▸ BRIEF
Please report the number of lines in the entries below that contain "used", with nothing added.

[Stored data entries]
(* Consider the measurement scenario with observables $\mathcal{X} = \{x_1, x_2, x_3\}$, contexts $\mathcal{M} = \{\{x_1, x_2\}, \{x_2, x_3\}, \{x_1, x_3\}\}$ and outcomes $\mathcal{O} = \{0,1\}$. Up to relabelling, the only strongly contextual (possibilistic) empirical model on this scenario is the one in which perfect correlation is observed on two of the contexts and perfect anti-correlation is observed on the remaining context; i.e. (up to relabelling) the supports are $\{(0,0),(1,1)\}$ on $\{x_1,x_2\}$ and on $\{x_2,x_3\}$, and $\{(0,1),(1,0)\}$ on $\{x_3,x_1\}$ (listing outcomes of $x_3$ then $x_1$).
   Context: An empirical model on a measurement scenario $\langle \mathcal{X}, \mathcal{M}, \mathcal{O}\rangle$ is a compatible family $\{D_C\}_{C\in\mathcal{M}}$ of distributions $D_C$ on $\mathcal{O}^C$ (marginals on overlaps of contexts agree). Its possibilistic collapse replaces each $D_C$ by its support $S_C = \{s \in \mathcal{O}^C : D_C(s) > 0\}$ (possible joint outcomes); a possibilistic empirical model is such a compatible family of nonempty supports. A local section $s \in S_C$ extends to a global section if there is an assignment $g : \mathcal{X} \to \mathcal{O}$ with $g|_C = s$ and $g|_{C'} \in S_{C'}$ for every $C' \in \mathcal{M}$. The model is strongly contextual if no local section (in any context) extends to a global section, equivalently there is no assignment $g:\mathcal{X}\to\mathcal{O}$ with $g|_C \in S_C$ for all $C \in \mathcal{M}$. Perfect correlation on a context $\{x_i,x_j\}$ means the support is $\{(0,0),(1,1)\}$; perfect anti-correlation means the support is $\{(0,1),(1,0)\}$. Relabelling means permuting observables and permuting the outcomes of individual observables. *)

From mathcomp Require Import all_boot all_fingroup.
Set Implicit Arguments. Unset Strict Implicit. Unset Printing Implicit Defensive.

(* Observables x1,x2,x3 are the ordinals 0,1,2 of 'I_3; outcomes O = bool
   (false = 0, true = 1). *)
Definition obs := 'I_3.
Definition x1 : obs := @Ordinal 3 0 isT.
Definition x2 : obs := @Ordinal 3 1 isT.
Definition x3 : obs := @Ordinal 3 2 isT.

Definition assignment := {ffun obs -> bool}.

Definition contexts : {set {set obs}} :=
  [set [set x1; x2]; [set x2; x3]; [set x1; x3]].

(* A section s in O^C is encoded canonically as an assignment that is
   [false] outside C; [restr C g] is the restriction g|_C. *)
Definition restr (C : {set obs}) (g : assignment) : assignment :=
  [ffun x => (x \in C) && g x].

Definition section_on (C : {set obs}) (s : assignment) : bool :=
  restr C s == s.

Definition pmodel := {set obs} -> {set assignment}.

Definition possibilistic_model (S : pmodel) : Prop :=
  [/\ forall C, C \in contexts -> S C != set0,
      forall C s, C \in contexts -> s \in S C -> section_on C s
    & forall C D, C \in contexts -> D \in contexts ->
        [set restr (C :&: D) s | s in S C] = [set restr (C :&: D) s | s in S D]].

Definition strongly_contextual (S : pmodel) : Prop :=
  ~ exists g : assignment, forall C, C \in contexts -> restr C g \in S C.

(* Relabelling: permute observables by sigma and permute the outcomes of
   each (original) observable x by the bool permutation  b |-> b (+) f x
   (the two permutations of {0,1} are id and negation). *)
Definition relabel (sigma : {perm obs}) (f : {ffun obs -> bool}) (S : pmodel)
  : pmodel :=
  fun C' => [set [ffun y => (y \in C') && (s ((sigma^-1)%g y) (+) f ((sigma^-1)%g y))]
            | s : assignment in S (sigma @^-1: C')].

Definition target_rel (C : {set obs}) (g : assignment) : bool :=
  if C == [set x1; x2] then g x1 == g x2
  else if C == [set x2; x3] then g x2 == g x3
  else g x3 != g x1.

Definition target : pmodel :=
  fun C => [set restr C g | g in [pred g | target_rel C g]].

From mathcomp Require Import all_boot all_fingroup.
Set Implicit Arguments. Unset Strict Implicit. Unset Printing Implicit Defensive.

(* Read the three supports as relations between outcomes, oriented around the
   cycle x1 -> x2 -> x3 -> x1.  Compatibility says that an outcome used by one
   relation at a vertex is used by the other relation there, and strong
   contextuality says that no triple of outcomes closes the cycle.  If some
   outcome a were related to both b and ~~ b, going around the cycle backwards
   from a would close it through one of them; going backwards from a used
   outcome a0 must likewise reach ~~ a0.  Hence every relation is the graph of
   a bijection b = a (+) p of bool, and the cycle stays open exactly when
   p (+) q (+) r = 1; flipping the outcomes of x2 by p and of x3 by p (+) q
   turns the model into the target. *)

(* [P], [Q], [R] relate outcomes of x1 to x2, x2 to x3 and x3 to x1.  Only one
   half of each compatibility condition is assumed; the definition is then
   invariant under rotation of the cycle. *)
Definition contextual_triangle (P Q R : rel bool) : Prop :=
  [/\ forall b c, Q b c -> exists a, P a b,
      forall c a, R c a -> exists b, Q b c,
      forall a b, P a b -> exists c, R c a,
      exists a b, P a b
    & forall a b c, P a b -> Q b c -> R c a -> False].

▸ EXERCISE RESPONSE
3